#### [WHAT YOU SHOULD DO]
Locate the string "RegretLowerBound" throughout the material and copy every line in which it occurs.
__________________________________________________
Definition traj_mean (R : realType) (K : nat) (lam : R) (mu : 'I_K -> R) (pol : policy R K)
    t (F : seq (step K) -> R) : R :=
  \sum_(w : t.-tuple (step K)) traj_prob lam mu pol w * F w.

Section GenieDominance.
Variables (R : realType) (K : nat) (lam : R) (mu : 'I_K -> R) (pol : policy R K).
Variable ks : 'I_K.
Hypothesis hpol : valid_policy pol.
Hypothesis hlam : 0 <= lam <= 1.
Hypothesis hmu : forall k, 0 <= mu k <= 1.
Hypothesis mu_ks_max : forall k, mu k <= mu ks.

Definition next_mean (h : nat -> R) (p : R) (q : nat) : R :=
  \sum_a bern lam a * \sum_r bern p r * h (q + a - r)%N.

Lemma next_meanE h p q : next_mean h p q =
  lam * (p * h q + (1 - p) * h q.+1) + (1 - lam) * (p * h q.-1 + (1 - p) * h q).
Proof. by rewrite /next_mean !big_bool /= addnK !subn0 addn1 addn0 subn1. Qed.

Lemma next_meanB h p p' q : next_mean h p q - next_mean h p' q =
  (p' - p) * (lam * (h q.+1 - h q) + (1 - lam) * (h q - h q.-1)).
Proof. by rewrite !next_meanE; ring. Qed.

Lemma next_mean_homo h p : 0 <= p <= 1 ->
  {homo h : m n / (m <= n)%N >-> m <= n} ->
  {homo next_mean h p : m n / (m <= n)%N >-> m <= n}.
Proof.
move=> hp hh m n hmn; apply: ler_sum => a _; apply: ler_wpM2l; first exact: bern_ge0.
apply: ler_sum => r _; apply: ler_wpM2l; first exact: bern_ge0.
by apply: hh; rewrite leq_sub2r // leq_add2r.
Qed.

Lemma next_mean_antitone h p p' q : {homo h : m n / (m <= n)%N >-> m <= n} ->
  p <= p' -> next_mean h p' q <= next_mean h p q.
Proof.
move=> hh hpp; rewrite -subr_ge0 next_meanB; case/andP: hlam => l0 l1.
apply: mulr_ge0; first by rewrite subr_ge0.
by apply: addr_ge0; apply: mulr_ge0; rewrite ?subr_ge0 ?hh ?leq_pred //; lra.
Qed.

Lemma next_mean_nat p p' q : p <= p' ->
  next_mean (fun n => n%:R) p' q + lam * (p' - p) <= next_mean (fun n => n%:R) p q.
Proof.
move=> hpp; rewrite -subr_ge0.
have -> : next_mean (fun n => n%:R) p q - (next_mean (fun n => n%:R) p' q + lam * (p' - p))
    = (p' - p) * ((1 - lam) * (q%:R - q.-1%:R)).
  by rewrite opprD addrA next_meanB -natr1; ring.
case/andP: hlam => l0 l1; apply: mulr_ge0; first by rewrite subr_ge0.
by apply: mulr_ge0; rewrite subr_ge0 ?ler_nat ?leq_pred.
Qed.

Lemma next_mean_policy q0 (w : seq (step K)) (h : nat -> R) :
  \sum_x step_prob lam mu pol w x * h (qlen q0 (@pol_service K) (rcons w x)) =
  \sum_k pol (map (@obs K) w) k * next_mean h (mu k) (qlen q0 (@pol_service K) w).
Proof.
rewrite -(sum_step_prob _ _ _ w id (fun a _ r => h (qlen q0 (@pol_service K) w + a - r)%N)).
by apply: eq_bigr => x _; rewrite /qlen foldl_rcons.
Qed.

Lemma next_mean_genie q0 (w : seq (step K)) (h : nat -> R) :
  \sum_x step_prob lam mu pol w x * h (qlen q0 (genie_service ks) (rcons w x)) =
  next_mean h (mu ks) (qlen q0 (genie_service ks) w).
Proof.
transitivity (\sum_k pol (map (@obs K) w) k *
    next_mean h (mu ks) (qlen q0 (genie_service ks) w)).
  rewrite -(sum_step_prob _ _ _ w (fun=> ks)
    (fun a _ r => h (qlen q0 (genie_service ks) w + a - r)%N)).
  by apply: eq_bigr => x _; rewrite /qlen foldl_rcons.
by rewrite -mulr_suml (proj2 hpol) mul1r.
Qed.

(* Stochastic dominance of the genie queue, by backward induction: the conditional
   mean of a nondecreasing function of the future queue is again nondecreasing. *)
Lemma genie_dominance t q0 (h : nat -> R) : {homo h : m n / (m <= n)%N >-> m <= n} ->
  traj_mean lam mu pol t (fun w => h (qlen q0 (genie_service ks) w)) <=
  traj_mean lam mu pol t (fun w => h (qlen q0 (@pol_service K) w)).
Proof.
elim: t h => [|t IH] h hh; first by rewrite /traj_mean !big_tuple0.
rewrite /traj_mean !(sum_path_prob_rcons _ t (fun u => h (qlen q0 _ u))).
under eq_bigr => w _ do rewrite next_mean_genie.
under [X in _ <= X]eq_bigr => w _ do rewrite next_mean_policy.
apply: le_trans (IH _ (next_mean_homo (hmu ks) hh)) _.
apply: ler_sum => w _; apply: ler_wpM2l; first exact: (path_prob_ge0 (step_prob_ge0 hpol hlam hmu)).
rewrite -[X in X <= _]mul1r -(proj2 hpol (map (@obs K) w)) mulr_suml.
by apply: ler_sum => k _; apply: ler_wpM2l; [exact: (proj1 hpol) | exact: next_mean_antitone].
Qed.

Lemma regret_step_ge_gap t q0 :
  lam * traj_mean lam mu pol t (fun w => \sum_k pol (map (@obs K) w) k * (mu ks - mu k)) <=
  traj_mean lam mu pol t.+1 (fun w =>
    (qlen q0 (@pol_service K) w)%:R - (qlen q0 (genie_service ks) w)%:R).
Proof.
rewrite /traj_mean; under [X in _ <= X]eq_bigr => w _ do rewrite mulrBr.
rewrite sumrB !(sum_path_prob_rcons _ t (fun u => (qlen q0 _ u)%:R)).
under [X in _ <= X - _]eq_bigr => w _ do rewrite next_mean_policy.
under [X in _ <= _ - X]eq_bigr => w _ do rewrite next_mean_genie.
have nat_homo : {homo (fun n : nat => n%:R : R) : m n / (m <= n)%N >-> m <= n}.
  by move=> m n; rewrite ler_nat.
rewrite lerBrDr; apply: le_trans (lerD (lexx _)
  (genie_dominance t q0 (next_mean_homo (hmu ks) nat_homo))) _.
rewrite mulr_sumr -big_split /=; apply: ler_sum => w _.
rewrite mulrCA -mulrDr; apply: ler_wpM2l;
  first exact: (path_prob_ge0 (step_prob_ge0 hpol hlam hmu)).
set Q := qlen q0 _ w; set o := map (@obs K) w.
have -> : next_mean (fun n => n%:R) (mu ks) Q =
    \sum_k pol o k * next_mean (fun n => n%:R) (mu ks) Q.
  by rewrite -mulr_suml (proj2 hpol) mul1r.
rewrite mulr_sumr -big_split; apply: ler_sum => k _ /=.
rewrite mulrCA -mulrDr; apply: ler_wpM2l; first exact: (proj1 hpol).
by rewrite addrC next_mean_nat.
Qed.

End GenieDominance.

Lemma qlen_le_size (K : nat) (s1 s2 : step K -> bool) (w : seq (step K)) q1 q2 n :
  (q1 <= q2 + n)%N -> (qlen q1 s1 w <= qlen q2 s2 w + n + size w)%N.
Proof.
elim: w q1 q2 n => [|x w IH] q1 q2 n /=; first by rewrite addn0.
move=> hq; rewrite -addSnnS -addnS; apply: IH; lia.
Qed.

Section SeriesMean.
Variable R : realType.

Lemma lim_series_mul_ge (pi c : nat -> R) (d B : R) :
  (forall n, 0 <= pi n) -> series pi @ \oo --> (1 : R) ->
  (forall n, d <= c n) -> (forall n, c n <= B) ->
  d <= limn (series (fun n => pi n * c n)).
Proof.
move=> pi_ge0 pi1 hd hB.
have hlim : limn (series pi) = 1 by apply: cvg_lim.
have pi_cvg : cvgn (series pi) by apply/cvg_ex; exists 1.
have pi_le1 n : series pi n <= 1.
  by rewrite -hlim; apply: nondecreasing_cvgn_le => //; apply: nondecreasing_series.
pose u n := pi n * (c n - d).
have u_ge0 n : 0 <= u n by apply: mulr_ge0 => //; rewrite subr_ge0.
have u_nd : {homo series u : n m / (n <= m)%N >-> n <= m}.
  by apply: nondecreasing_series => k _ _.
have u_cvg : cvgn (series u).
  apply: nondecreasing_is_cvgn => //; exists (B - d) => _ [n _ <-].
  apply: le_trans (_ : \sum_(0 <= k < n) pi k * (B - d) <= _).
    by apply: ler_sum => k _; apply: ler_wpM2l => //; rewrite lerD2r.
  rewrite -mulr_suml -[X in _ <= X]mul1r; apply: ler_wpM2r; last exact: pi_le1.
  by rewrite subr_ge0 (le_trans (hd 0)).
have -> : (fun n => pi n * c n) = u + d *: pi.
  by apply/funext => n; rewrite /u !fctE /GRing.scale /=; ring.
rewrite lim_seriesD //; last exact: is_cvg_seriesZ.
rewrite lim_seriesZ // hlim.
have : series u 0 <= limn (series u) by apply: nondecreasing_cvgn_le.
by rewrite /series /= big_geq // /GRing.scale /=; lra.
Qed.

End SeriesMean.

Section RegretLowerBound.
Variables (R : realType) (K : nat) (lam : R) (mu : 'I_K -> R) (pol : policy R K).
Variables (ks : 'I_K) (pi : nat -> R).
Hypothesis hpol : valid_policy pol.
Hypothesis hlam : 0 <= lam <= 1.
Hypothesis hmu : forall k, 0 <= mu k <= 1.
Hypothesis mu_ks_max : forall k, mu k <= mu ks.
Hypothesis pi_ge0 : forall n, 0 <= pi n.
Hypothesis pi1 : series pi @ \oo --> (1 : R).

Lemma queue_regret_ge_gap t :
  lam * traj_mean lam mu pol t (fun w => \sum_k pol (map (@obs K) w) k * (mu ks - mu k))
  <= queue_regret lam mu ks pol pi t.+1.
Proof.
apply: (lim_series_mul_ge (B := t.+1%:R)) => // q0.
  exact: regret_step_ge_gap.
apply: le_trans (_ : \sum_(w : t.+1.-tuple (step K)) traj_prob lam mu pol w * t.+1%:R <= _).
  apply: ler_sum => w _; apply: ler_wpM2l;
    first exact: (path_prob_ge0 (step_prob_ge0 hpol hlam hmu)).
  have := qlen_le_size (@pol_service K) (genie_service ks) w (leq_addr 0 q0).
  by rewrite addn0 size_tuple lerBlDr -natrD ler_nat addnC.
by rewrite -mulr_suml sum_traj_prob // mul1r.
Qed.

End RegretLowerBound.

Lemma natr_count (R : realType) (T : Type) (a : pred T) (s : seq T) :
  (count a s)%:R = \sum_(x <- s) (a x)%:R :> R.
Proof. by elim: s => [|x s IH]; rewrite ?big_nil ?big_cons //= natrD IH. Qed.

Section ExpectedPulls.
Variables (R : realType) (K : nat) (lam : R) (mu : 'I_K -> R) (pol : policy R K).
Hypothesis hpol : valid_policy pol.
Hypothesis hlam : 0 <= lam <= 1.
Hypothesis hmu : forall k, 0 <= mu k <= 1.

Lemma expected_pulls_ge0 k t : 0 <= expected_pulls lam mu pol k t.
Proof.
apply: sumr_ge0 => w _; apply: mulr_ge0 => //.
exact: (path_prob_ge0 (step_prob_ge0 hpol hlam hmu)).
Qed.

Lemma expected_pullsS k t : expected_pulls lam mu pol k t.+1 =
  expected_pulls lam mu pol k t + traj_mean lam mu pol t (fun w => pol (map (@obs K) w) k).
Proof.
rewrite /expected_pulls /traj_mean.
under eq_bigr => w _ do rewrite natr_count.
under [in RHS]eq_bigr => w _ do rewrite natr_count.
rewrite (sum_path_prob_additive (sum_step_prob1 lam mu hpol)); congr (_ + _).
apply: eq_bigr => w _; congr (_ * _).
rewrite (sum_step_prob _ _ _ w id (fun _ k' _ => (k' == k)%:R)).
under eq_bigr => j _ do rewrite sum_bern_const2.
by rewrite (bigD1 k) //= eqxx mulr1 big1 ?addr0 // => j /negbTE ->; rewrite mulr0.
Qed.

Lemma sum_expected_pulls t : \sum_k expected_pulls lam mu pol k t = t%:R.
Proof.
rewrite /expected_pulls exchange_big /=; under eq_bigr => w _ do rewrite -mulr_sumr.
transitivity (\sum_(w : t.-tuple (step K)) traj_prob lam mu pol w * t%:R).
  apply: eq_bigr => w _; rewrite (_ : t%:R = (size w)%:R); last by rewrite size_tuple.
  congr (_ * _).
  under eq_bigr => j _ do rewrite natr_count.
  rewrite exchange_big /= -sum1_size natr_sum; apply: eq_bigr => x _.
  by rewrite (bigD1 (sched x)) //= eqxx big1 ?addr0 // => j; rewrite eq_sym => /negbTE ->.
by rewrite -mulr_suml sum_traj_prob // mul1r.
Qed.

Lemma expected_pulls_obs k t : expected_pulls lam mu pol k t =
  \sum_(o : t.-tuple (observation K)) path_prob (obs_prob lam mu pol) o *
    (count (fun y : observation K => y.1.1 == k) o)%:R.
Proof.
rewrite -(traj_prob_obs _ _ _ _ (fun o => (count (fun y : observation K => y.1.1 == k) o)%:R)).
by apply: eq_bigr => w _; rewrite count_map.
Qed.

End ExpectedPulls.

Section LogLikelihoodRatio.
Variables (R : realType) (K : nat) (lam : R) (mu mu' : 'I_K -> R) (pol : policy R K).
Variable k : 'I_K.
Hypothesis hpol : valid_policy pol.
Hypothesis hlam : 0 <= lam <= 1.
Hypothesis hmu : forall j, 0 <= mu j <= 1.
Hypothesis mu'E : forall j, j != k -> mu' j = mu j.
Hypothesis mu'k_01 : 0 < mu' k < 1.

(* Only the observed service of server [k] carries information about [mu k]. *)
Definition obs_llr (y : observation K) : R :=
  if y.1.1 == k then ln (bern (mu k) y.1.2 / bern (mu' k) y.1.2) else 0.

Lemma obs_prob_llr o y :
  obs_prob lam mu pol o y * expR (- obs_llr y) <= obs_prob lam mu' pol o y.
Proof.
rewrite /obs_prob /obs_llr; case: eqP => [->|/eqP hj]; last by rewrite oppr0 expR0 mulr1 mu'E.
set r := y.1.2; have b'_gt0 : 0 < bern (mu' k) r by case/andP: mu'k_01; case: r => /=; lra.
have [b0|b_neq0] := eqVneq (bern (mu k) r) 0.
  rewrite b0 mulr0 !mul0r; apply: mulr_ge0; last exact: (proj1 hpol).
  by apply: mulr_ge0; [exact: bern_ge0 | exact: ltW].
have b_gt0 : 0 < bern (mu k) r by rewrite lt0r b_neq0 bern_ge0.
rewrite expRN lnK ?posrE ?divr_gt0 // invf_div.
by rewrite [X in X <= _](_ : _ = bern lam y.2 * bern (mu' k) r * pol o k) //; field.
Qed.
__________________________________________________
#### [ANSWER FOR THIS EXERCISE]
Section RegretLowerBound.
End RegretLowerBound.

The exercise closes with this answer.